▶ INPUT:
Lemma tar_deg_compl X : small_clique e X ->
  tar_deg e (~: X) = #|X| + #|[set x | (x \notin X) && small_clique e (x |: X)]|.
Proof.
move=> cX; rewrite tar_deg_toggle ?skew_forcing_compl // -(cardsID X); congr (_ + _).
  apply/eq_card => x; rewrite !inE symdiff_setCl skew_forcing_compl symdiff_set1.
  by case: (boolP (x \in X)) => xX; rewrite ?andbF // (small_cliqueS (subsetDl _ _) cX).
apply/eq_card => x; rewrite !inE symdiff_setCl skew_forcing_compl symdiff_set1.
by case: (x \in X).
Qed.

Lemma tar_deg_compl0 : tar_deg e (~: set0) = #|T|.
Proof.
rewrite tar_deg_compl ?small_clique0 // cards0 -cardsT.
by apply/eq_card => x; rewrite !inE setU0 small_clique1.
Qed.

Lemma tar_deg_compl1 y : tar_deg e (~: [set y]) = #|nbhd e y|.+1.
Proof.
rewrite tar_deg_compl ?small_clique1 // cards1 add1n; congr _.+1.
apply/eq_card => x; rewrite !inE.
by have [->|xy] := eqVneq x y; rewrite ?e_irr //= small_clique2 // e_sym.
Qed.

Lemma tar_deg_compl2 X : small_clique e X -> #|X| = 2 -> tar_deg e (~: X) = 2.
Proof.
move=> cX X2; rewrite tar_deg_compl // X2.
rewrite (eq_card0 (A := [set x | _])) // => x; rewrite inE; apply/negP.
by case/andP => xX /small_clique_le2; rewrite cardsU1 xX X2.
Qed.

Lemma skew_forcing_setT1 y : skew_forcing e (setT :\ y).
Proof. by rewrite setTD small_clique_skew_forcing ?small_clique1. Qed.

Lemma tar_deg_setT1 y : tar_deg e (setT :\ y) = #|nbhd e y|.+1.
Proof. by rewrite setTD tar_deg_compl1. Qed.

Lemma minset_skew_forcingP (x0 : T) S :
  minset (skew_forcing e) S <-> exists a b, e a b /\ S = setT :\ a :\ b.
Proof.
split => [/minsetP [fS minS] | [a [b [eab ->]]]].
  have [a [b [eab sSab]]] : exists a b, e a b /\ ~: S \subset [set a; b].
    have [S0|[a aS]] := set_0Vmem (~: S).
      by have [b eb] := e_nb x0; exists x0, b; rewrite S0 sub0set.
    have cS : small_clique e (~: S) by rewrite -skew_forcing_compl setCK.
    by have [b eab sab] := small_clique_sub_edge cS aS; exists a, b.
  exists a, b; split => //; symmetry; apply: minS; first exact: skew_forcing_edge.
  by rewrite setTD2 -setCS setCK.
have ab := adj_neq e_irr eab.
apply/minsetP; split => [|B fB]; first exact: skew_forcing_edge.
rewrite setTD2 -setCS setCK => sB; apply/setC_inj/esym/eqP.
rewrite setCK eqEcard sB cards2 ab.
exact/small_clique_le2/skew_forcing_small_clique.
Qed.

Lemma minset_skew_forcingE (x0 : T) S :
  minset (skew_forcing e) S <-> skew_forcing e S /\ #|S| = #|T| - 2.
Proof.
have card_edge a b : e a b -> #|setT :\ a :\ b| = #|T| - 2.
  by move=> eab; rewrite setTD2 cardsCs setCK cards2 (adj_neq e_irr eab).
rewrite minset_skew_forcingP //; split => [[a [b [eab ->]]]|[fS cS]].
  by split; [exact: skew_forcing_edge | exact: card_edge].
have [y x0y] := e_nb x0; have T2 : 2 <= #|T|.
  by have := max_card [set x0; y]; rewrite cards2 (adj_neq e_irr x0y).
have cX : small_clique e (~: S) by rewrite -skew_forcing_compl setCK.
have /cards2P [a [b [ab EX]]] : #|~: S| == 2.
  by rewrite cardsCs setCK cS; apply/eqP; lia.
exists a, b; split; first by rewrite -(small_clique2 ab) -EX.
by rewrite setTD2 -EX setCK.
Qed.

Lemma minset_tar_deg (x0 : T) S : minset (skew_forcing e) S -> tar_deg e S = 2.
Proof.
case/(minset_skew_forcingP x0) => a [b [eab ->]].
by rewrite setTD2 tar_deg_compl2 ?small_clique2 ?cards2 ?(adj_neq e_irr eab).
Qed.

Lemma tar_square_setT S1 S2 S3 S4 : square (tar_adj e) S1 S2 S3 S4 ->
  [|| S1 == setT, S2 == setT, S3 == setT | S4 == setT].
Proof.
case/and5P => /and3P [f1 f2 d12] /and3P [_ f3 d23] /and3P [_ f4 d34] /and3P [_ _ d41].
case/andP => n13 n24.
have le2 S : skew_forcing e S -> #|~: S| <= 2.
  by move=> fS; apply/small_clique_le2/skew_forcing_small_clique.
have sq : square (fun X Y => #|symdiff X Y| == 1) (~: S1) (~: S2) (~: S3) (~: S4).
  by rewrite /square !symdiff_setC d12 d23 d34 d41 !(inj_eq (@setC_inj T)) n13 n24.
move: (symdiff_square_set0 sq (le2 _ f1) (le2 _ f2) (le2 _ f3) (le2 _ f4)).
by rewrite -setCT !(inj_eq (@setC_inj T)).
Qed.

Lemma degree_count_tar_compl (P : pred nat) :
  degree_count (tar_vertices e) (tar_adj e) P =
  #|[set X | small_clique e X && P (tar_deg e (~: X))]|.
Proof.
have deg S : #|[set S' in tar_vertices e | tar_adj e S S']| = tar_deg e S.
  apply: eq_card => S'; rewrite !inE; apply/andP/idP => [[] //|adj].
  by split=> //; case/and3P: adj.
rewrite /degree_count -(card_imset _ (@setC_inj T)); congr #|pred_of_set _|.
apply/setP => S; rewrite inE deg inE; apply/andP/imsetP => [[fS PS]|[X]].
  by exists (~: S); rewrite ?setCK // inE -skew_forcing_compl // setCK fS.
by rewrite inE -skew_forcing_compl // => /andP [fX PX] ->.
Qed.

Lemma degree_count_tar (P : pred nat) :
  degree_count (tar_vertices e) (tar_adj e) P =
  P #|T| + degree_count setT e (fun d => P d.+1) +
  P 2 * #|[set X | small_clique e X && (#|X| == 2)]|.
Proof.
rewrite degree_count_tar_compl; set A := [set X | _].
have nb y : #|nbhd e y| = #|[set z in setT | e y z]|.
  by apply: eq_card => z; rewrite !inE.
have A0 : #|A :&: [set X : {set T} | #|X| == 0]| = P #|T|.
  have -> : A :&: [set X : {set T} | #|X| == 0] = if P #|T| then [set set0] else set0.
    apply/setP => X; rewrite /A !inE cards_eq0; have [->|X0] := eqVneq X set0.
      by rewrite small_clique0 tar_deg_compl0 andbT; case: (P _); rewrite ?inE ?eqxx.
    by rewrite andbF; case: (P _); rewrite ?inE ?(negbTE X0).
  by case: (P _); rewrite ?cards1 ?cards0.
have A1 : #|(A :\: [set X : {set T} | #|X| == 0]) :&: [set X : {set T} | #|X| == 1]| =
    degree_count setT e (fun d => P d.+1).
  rewrite /degree_count -(card_imset _ (@set1_inj T)); congr #|pred_of_set _|.
  apply/setP => X; rewrite /A !inE; apply/idP/imsetP.
    case/andP => /and3P [_ _ PX] /cards1P [y EX]; exists y => //.
    by rewrite inE -nb in_setT -tar_deg_compl1 -EX.
  case=> y; rewrite inE in_setT -nb -tar_deg_compl1 => Py ->.
  by rewrite cards1 small_clique1 Py.
have A2 : #|A :\: [set X : {set T} | #|X| == 0] :\: [set X : {set T} | #|X| == 1]| =
    P 2 * #|[set X | small_clique e X && (#|X| == 2)]|.
  have -> : A :\: [set X : {set T} | #|X| == 0] :\: [set X : {set T} | #|X| == 1] =
      if P 2 then [set X | small_clique e X && (#|X| == 2)] else set0.
    apply/setP => X; rewrite /A; case P2: (P 2); rewrite !inE;
      have [cX|] := boolP (small_clique e X); rewrite ?andbF //=;
      move: (tar_deg_compl2 cX) (small_clique_le2 cX);
      by case: #|X| => [|[|[|k]]] // /(_ erefl) -> _; rewrite /= P2.
  by case: (P 2); rewrite ?mul1n ?mul0n ?cards0.
rewrite -(cardsID [set X : {set T} | #|X| == 0] A) A0.
by rewrite -(cardsID [set X : {set T} | #|X| == 1]) A1 A2 addnA.
Qed.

▶ WHAT IS BEING ASKED:
Out of the data above, transcribe exactly and only the lines starting with the line that has "have deg S : #|[set" and going on through the line that has "rewrite /degree_count -(card_imset _ (@setC_inj", both included.

▶ EXERCISE RESPONSE:
have deg S : #|[set S' in tar_vertices e | tar_adj e S S']| = tar_deg e S.
  apply: eq_card => S'; rewrite !inE; apply/andP/idP => [[] //|adj].
  by split=> //; case/and3P: adj.
rewrite /degree_count -(card_imset _ (@setC_inj T)); congr #|pred_of_set _|.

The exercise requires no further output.